Materials and methods

After approval by the institutional review board, the Mayo Clinic database of adult MPN patients (age ≥18 years) was reviewed to select consecutive patients with _BCR-ABL_-negative classic MPN representing different disease stages and in whom stored bone marrow (BM) cells were available for DNA extraction and mutation analysis. As such, our study population included patients with PV, ET, PMF, post-PV MF, post-ET MF and acute myeloid leukemia (AML) arising from antecedent PV, ET or MF. Diagnoses were established on the basis of the 2001 World Health Organization (WHO) criteria.28 Mutation screening for _JAK2_V617F (reverse transcriptase PCR), JAK2 exon 12 mutations and _MPL_W515L/K were performed using BM-derived cells, according to previously published methods.29,30 In patients who were alive, every attempt was made to update follow-up information by means of a questionnaire/telephone call sent to both patients and their primary doctors, and the ‘date of last contact’ reflected this time point, and not the last time they were seen at the Mayo Clinic. All BM specimens were either collected or reviewed at our institution to ensure accuracy of diagnosis. The management mostly consisted of what was considered at the time as ‘standard’ therapy and reflected the individual physician’s best clinical judgment. All parameters used for statistical analysis, except for those addressing prognosis (for example, survival, leukemic or fibrotic transformation and thrombosis), were those obtained at the time of diagnosis and before any therapeutic intervention.

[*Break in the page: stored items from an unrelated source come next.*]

(* The c-bi-free condition makes a shifted product vanish as soon as every block of
   top letters is centred for [G]: the other blocks are centred for [Psi] automatically. *)
Lemma cbf_shifted_eq0 T M G Psi (x0 : item) (w : seq item) :
  cbf_with_top T M G Psi ->
  {in w, forall x, Asub x.1.1.1 x.1.1.2 x.1.2 /\ x.1.1.1 \in M :: T} ->
  {in w, forall x, ~~ keyed M x.1 -> x.2 = 0} ->
  has (fun x => keyed M x.1) w ->
  (forall W, W \in blocks (size w) (fun i => (nth x0 w i).1.1.2)
                                   (fun i => keyed M (nth x0 w i).1) ->
     keyed M (nth x0 w (head 0%N W)).1 ->
     ev_shifted G [seq nth x0 w i | i <- sort leq W] = 0) ->
  ev_shifted G w = 0.
Proof.
move=> [[hG0 hP0] hT hM hc] hw hw0 hhas htop.
set n := size w in htop; set chi := fun i => _ in htop; set om := fun i => _ in htop.
pose b i := fc_shift (nth x0 w i).
have ev_block Phi W : ev Phi (bprod b W) = ev_shifted Phi [seq nth x0 w i | i <- sort leq W].
  by rewrite bprod_shift.
have memw i : (i < n)%N -> nth x0 w i \in w := @mem_nth _ x0 w i.
have hB i : (i < n)%N -> in_B Asub (if om i then [:: M] else T) (chi i) (b i).
  move=> hi p; rewrite !inE => /orP [/eqP -> | /eqP ->] l //=; rewrite inE => /eqP ->.
  have [hA hk] := hw _ (memw i hi).
  split=> //; rewrite /om /keyed; case: ifP => hm; first by rewrite inE.
  by move: hk; rewrite inE hm.
have hPsi W : W \in blocks n chi om -> ev Psi (bprod b W) = 0.
  move=> hW; have [nW inW cW] := mem_blocks hW; rewrite ev_block.
  case hom: (om (head 0%N W)).
    rewrite -(htop W hW hom); apply: ev_shifted_ext => u su.
    case: (eqVneq u [::]) => [-> | un]; first by rewrite hP0 hG0.
    have vu : valid Asub [:: M] u.
      move=> l /su /mapP [x /mapP [i]]; rewrite mem_sort => iW -> ->.
      have [hA _] := hw _ (memw i (inW i iW)).
      have hk : om i by rewrite (cW i iW) hom.
      by split=> //; rewrite inE; exact: hk.
    by have [-> ->] := hM u un vu.
  rewrite ev_shifted0; last first.
    move=> x /mapP [i]; rewrite mem_sort => iW ->.
    by apply: hw0; [apply: memw; apply: inW | rewrite -/(om i) (cW i iW) hom].
  apply: hT; first by rewrite -size_eq0 !size_map size_sort size_eq0.
  move=> l /mapP [x /mapP [i]]; rewrite mem_sort => iW -> ->.
  have [hA hk] := hw _ (memw i (inW i iW)).
  have hm : ~~ om i by rewrite (cW i iW) hom.
  by split=> //; move: hk; rewrite inE -[_ == M]/(om i) (negbTE hm).
have n0 : (0 < n)%N by rewrite /n; case: (w) hhas.
have [_ hG] := hc n chi om b n0 hB hPsi.
move: hG; rewrite ev_block (sorted_sort leq_trans (iota_sorted 0 n)).
rewrite [map _ _](mkseq_nth x0) => ->.
have [i hi hom] := has_nthP x0 hhas.
have : i \in flatten (blocks n chi om) by rewrite runs_flatten mem_blocks_seq.
move=> /flattenP [W hW iW]; have [_ _ cW] := mem_blocks hW.
apply/eqP; rewrite prodf_seq_eq0; apply/hasP; exists W => //=.
by rewrite ev_block htop // -/(om _) -(cW i iW).
Qed.

Definition sep_items (s : bool) (M : K) (T : seq K) (w : seq item) : Prop :=
  [/\ {in w, forall x, [/\ x.1.1.2 = s, Asub x.1.1.1 s x.1.2 & x.1.1.1 \in M :: T]},
      {in w, forall x, ~~ keyed M x.1 -> x.2 = 0} &
      sorted (apart M) (map fst w)].

Lemma sep_items_centred_eq0 T M G Psi s (w : seq item) :
  cbf_with_top T M G Psi -> sep_items s M T w -> has (fun x => keyed M x.1) w ->
  {in w, forall x, keyed M x.1 -> x.2 = - phi x.1.2} ->
  ev_shifted G w = 0.
Proof.
move=> cbf [hw hw0 hsep] hhas hcent; have [[hG0 _] _ hM _] := cbf.
pose x0 : item := ((M, s, 0), 0).
apply: (cbf_shifted_eq0 (x0 := x0) cbf) => // [x /hw [-> hA hk] //|W].
set n := size w; set om := fun i => keyed M _.
have memw i : (i < n)%N -> nth x0 w i \in w := @mem_nth _ x0 w i.
move=> hW hom; have [nW inW _] := mem_blocks hW; have hi := inW _ (head_in 0%N nW).
move: hW; rewrite (@eq_in_blocks _ _ (fun _ => s)) => [|i /memw /hw [] //].
rewrite blocks_const => hW.
have sep_iota : sorted (fun i j => ~~ (om i && om j)) (iota 0 n).
  by move: hsep; rewrite -[w in map _ w](mkseq_nth x0) -map_comp sorted_map; exact: sub_sorted.
have sep : sorted (fun i j => ~~ (om i && om j)) (if s then iota 0 n else rev (iota 0 n)).
  by case: (s) => //; rewrite rev_sorted; apply: sub_sorted sep_iota => i j; rewrite andbC.
rewrite (runs_true_singleton sep hW hom) /= ev_shifted1 hG0 mulr1.
have [hs hA _] := hw _ (memw _ hi).
have v1 : valid Asub [:: M] [:: (nth x0 w (head 0%N W)).1].
  by move=> l; rewrite inE => /eqP ->; split; [rewrite inE; exact: hom | rewrite hs].
by have [-> _] := hM [:: _] isT v1; rewrite hcent ?memw // addrN.
Qed.

Lemma sep_items_drop s M T u v x :
  sep_items s M T (u ++ x :: v) -> keyed M x.1 -> sep_items s M T (u ++ v).
Proof.
move=> [hw hw0 hsep] ht; split=> [y hy | y hy |].
- by apply: hw; rewrite mem_cat_cons hy orbT.
- by apply: hw0; rewrite mem_cat_cons hy orbT.
- move: hsep; rewrite !map_cat; apply: sorted_rem => a b.
  by rewrite /apart ht andbT => /negbTE ->.
Qed.

Lemma sep_items_set s M T u v l a a' :
  sep_items s M T (u ++ (l, a) :: v) -> keyed M l -> sep_items s M T (u ++ (l, a') :: v).
Proof.
move=> [hw hw0 hsep] ht; split.
- move=> y; rewrite mem_cat_cons => /orP [/eqP -> | hy].
    by apply: (hw (l, a)); rewrite mem_cat_cons eqxx.
  by apply: hw; rewrite mem_cat_cons hy orbT.
- move=> y; rewrite mem_cat_cons => /orP [/eqP -> | hy]; first by rewrite /= ht.
  by apply: hw0; rewrite mem_cat_cons hy orbT.
- by move: hsep; rewrite !map_cat /=.
Qed.

Lemma ev_shifted_sep_items T M G Psi s (w : seq item) :
  cbf_with_top T M G Psi -> sep_items s M T w ->
  ev_shifted G w =
  G [seq x.1 | x <- w & ~~ keyed M x.1] * \prod_(x <- w | keyed M x.1) (phi x.1.2 + x.2).
Proof.
move=> cbf; apply: (affine_agreement (top := keyed M) (adm := sep_items s M T)
  (f := ev_shifted G) (g := fun w => G [seq x.1 | x <- w & ~~ keyed M x.1] *
                                     \prod_(x <- w | keyed M x.1) (phi x.1.2 + x.2))).
- exact: ev_shifted_affine.
- move=> u v l a a' ht; rewrite !filter_cat /= ht /= !big_cat !big_cons /= ht; ring.
- by move=> u v l a ok ht; apply: (sep_items_drop (x := (l, a))).
- exact: sep_items_set.
- move=> u v l a [_ hw0 _] ht; apply: (hw0 (l, a)) => //.
  by rewrite mem_cat_cons eqxx.
- move=> w0 [_ hw0 _] hn; have hb x : x \in w0 -> ~~ keyed M x.1.
    by move=> xw; apply: contra hn => hm; apply/hasP; exists x.
  rewrite ev_shifted0 => [|x xw]; last by apply: hw0 => //; apply: hb.
  rewrite big_hasC // mulr1; congr G; congr map; apply/esym/all_filterP.
  by apply/allP.
- move=> w0 [hw hw0 hsep] hn.
  pose w' := [seq (if keyed M x.1 then (x.1, - phi x.1.2) else x) | x <- w0].
  have ef : map fst w' = map fst w0.
    by rewrite -map_comp; apply: eq_map => x /=; case: ifP.
  have ok' : sep_items s M T w'.
    split; last by rewrite ef.
    + by move=> x /mapP [y yw ->]; case: ifP => _; exact: (hw y yw).
    + by move=> x /mapP [y yw ->]; case: ifP => hm /=; [rewrite hm | exact: hw0].
  exists w' => //; split=> //.
  rewrite (sep_items_centred_eq0 cbf ok'); last 2 first.
  + by rewrite -(has_map fst) ef has_map.
  + by move=> x /mapP [y yw ->]; case: ifP => hm //=; rewrite hm.
  apply/esym/eqP; rewrite mulf_eq0 prodf_seq_eq0; apply/orP; right.
  move/hasP: hn => [x xw hx]; apply/hasP.
  exists (if keyed M x.1 then (x.1, - phi x.1.2) else x); first exact: map_f.
  by rewrite hx /= hx addrN eqxx.
Qed.

Lemma phiw_factor_top s M (w : seq letter) :
  on_side s w -> {in w, forall l, (l.1.1 <= M)%O} ->
  sorted (apart M) w ->
  phiW w = (\prod_(l <- w | keyed M l) phi l.2) * phiW [seq l <- w | ~~ keyed M l].
Proof.
move=> hw hwM hsep.
case hh: (has (keyed M) w); last first.
  rewrite big_hasC ?hh // mul1r; congr phiW; apply/esym/all_filterP.
  by apply/allP => l lw; apply: contraFN hh => h; apply/hasP; exists l.
set T := sort <=%O (undup [seq l.1.1 | l <- w & ~~ keyed M l]).
have hTM y : y \in T -> (y < M)%O.
  rewrite mem_sort mem_undup => /mapP [l]; rewrite mem_filter => /andP [hl lw] ->.
  by rewrite lt_neqAle hl hwM.
have sTM : sorted <%O (rcons T M).
  have : sorted <%O T.
    by rewrite lt_sorted_uniq_le sort_uniq undup_uniq sort_sorted //; exact: le_total.
  case: (T) hTM => // x T' hTM /= sT; rewrite rcons_path sT /=.
  by apply: hTM; rewrite mem_last.
have keyT l : l \in w -> l.1.1 \in M :: T.
  move=> lw; rewrite inE; case hm: (l.1.1 == M) => //=.
  by rewrite mem_sort mem_undup; apply/mapP; exists l; rewrite // mem_filter /keyed hm.
case: (eqVneq T [::]) => [T0 | nT].
  have allM l : l \in w -> keyed M l by move=> /keyT; rewrite T0 inE.
  clear -hsep allM; case: w hsep allM => [|x [|y w]] hsep allM.
  - by rewrite big_nil mul1r.
  - by rewrite big_cons big_nil /= allM ?mem_head //= !mulr1.
  - by move: hsep; rewrite /= /apart !allM ?mem_head // !inE eqxx orbT.
have [G [Psi [cbf hG]]] := bm_indep_top nT sTM.
pose w0 := [seq (l, 0 : F) | l <- w].
have ok0 : sep_items s M T w0.
  split; last by rewrite -map_comp map_id.
  - by move=> x /mapP [l lw ->]; have [-> hA] := hw l lw; split=> //; exact: keyT.
  - by move=> x /mapP [l lw ->].
have vw t : {subset t <= w} -> valid Asub (rcons T M) t.
  move=> st l /st lw; have [e hA] := hw l lw; rewrite e; split=> //.
  by rewrite mem_rcons; exact: keyT.
have := ev_shifted_sep_items cbf ok0.
rewrite ev_shifted0; last by move=> x /mapP [l _ ->].
rewrite -map_comp map_id (hG w (vw w (fun _ h => h))) => ->.
rewrite mulrC; congr (_ * _).
  by rewrite /w0 big_map; apply: eq_bigr => l _ /=; rewrite addr0.
rewrite /w0 filter_map -map_comp map_id hG //.
by apply: vw => l; rewrite mem_filter => /andP [].
Qed.

Hypotheses (mulA : associative mul)
  (Asub_mul : forall k s x y, Asub k s x -> Asub k s y -> Asub k s (mul x y)).

Definition key_change : rel letter := fun a b => a.1.1 != b.1.1.

Lemma phiw_merge (w1 w2 : seq letter) a b :
  phiW (w1 ++ a :: b :: w2) = phiW (w1 ++ (a.1, mul a.2 b.2) :: w2).
Proof.
rewrite /phiw !map_cat /=.
by case: (map snd w1) => [|y t] //=; rewrite !foldl_cat /= mulA.
Qed.

Lemma last_key (x y : letter) w : x.1.1 = y.1.1 -> (last x w).1.1 = (last y w).1.1.
Proof. by case/lastP: w => [|w z] //; rewrite !last_rcons. Qed.

Lemma merge_equal_keys s (w : seq letter) : on_side s w ->
  exists w', [/\ on_side s w', sorted key_change w', (size w' <= size w)%N,
    forall pre post, phiW (pre ++ w' ++ post) = phiW (pre ++ w ++ post) &
    forall z, (last z w').1.1 = (last z w).1.1 /\ (head z w').1.1 = (head z w).1.1].
Proof.
elim: w => [|a t IH] hw; first by exists [::].
have [ha hA] := hw a (mem_head _ _).
have on_t : on_side s t by move=> l lt; apply: hw; rewrite inE lt orbT.
have [t' [ht1 ht2 ht3 ht4 ht5]] := IH on_t.
case: t' ht1 ht2 ht3 ht4 ht5 => [|b t''] ht1 ht2 ht3 ht4 ht5.
  exists [:: a]; split=> // [l | pre post | z]; first by rewrite inE => /eqP ->.
    by have := ht4 (rcons pre a) post; rewrite !cat_rcons.
  by have [<- _] := ht5 a.
have hpre pre post : phiW (pre ++ a :: (b :: t'') ++ post) = phiW (pre ++ (a :: t) ++ post).
  by have := ht4 (rcons pre a) post; rewrite !cat_rcons.
case: (eqVneq a.1.1 b.1.1) => [eab | nab]; last first.
  exists (a :: b :: t''); split=> // [l | | z]; first by rewrite inE => /orP [/eqP -> | /ht1].
  - by apply/andP; split.
  - by have [<- _] := ht5 a.
have [_ hB] := ht1 b (mem_head _ _).
pose m : letter := (a.1, mul a.2 b.2).
exists (m :: t''); split.
- move=> l; rewrite inE => /orP [/eqP -> | lt]; last by apply: ht1; rewrite inE lt orbT.
  by split=> //; apply: Asub_mul => //; rewrite eab.
- clear -ht2 eab; case: t'' ht2 => //= c t'' /andP [hbc ->].
  by rewrite andbT /key_change eab; exact: hbc.
- by rewrite /= ltnS (leq_trans _ ht3).
- by move=> pre post; rewrite -hpre /= phiw_merge.
- move=> z; split=> //=; have [<- _] := ht5 a.
  by apply: last_key; rewrite /= eab.
Qed.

High-throughput DNA sequence analysis was used to screen for TET2 mutations in BM-derived DNA. M13-appended gene-specific primers were designed to amplify and sequence all coding exons of all isoforms of TET2, including TET2 isoform A (NM_001127208–2002 amino acids) and TET2 isoform B (NM_017628–1165 amino acids). PCR primers were designed to amplify and sequence <500 bp amplicons, and overlapping PCR amplicons were designed for all exons >400 bp to ensure complete coverage. For each PCR reaction, 20 ng of genomic DNA was used for PCR amplification using a Duncan Water Bath Thermal Cycler, followed by magnetic bead purification (SPRI, Agencourt Bioscience, Beverly, MA, USA). Bidirectional sequencing was performed using ABI 3730 capillary sequencers (Agencourt Bioscience) as described previously.31 Missense and nonsense mutations were detected in bidirectional sequence traces using a Mutation Surveyor (Softgenetics Inc., State College, PA, USA). All traces were reviewed manually and with the Mutation Surveyor for the presence of frameshift mutations. Frameshift and nonsense mutations were annotated according to the predicted effects on TET2-coding sequence using TET2 isoform A as the predominant isoform.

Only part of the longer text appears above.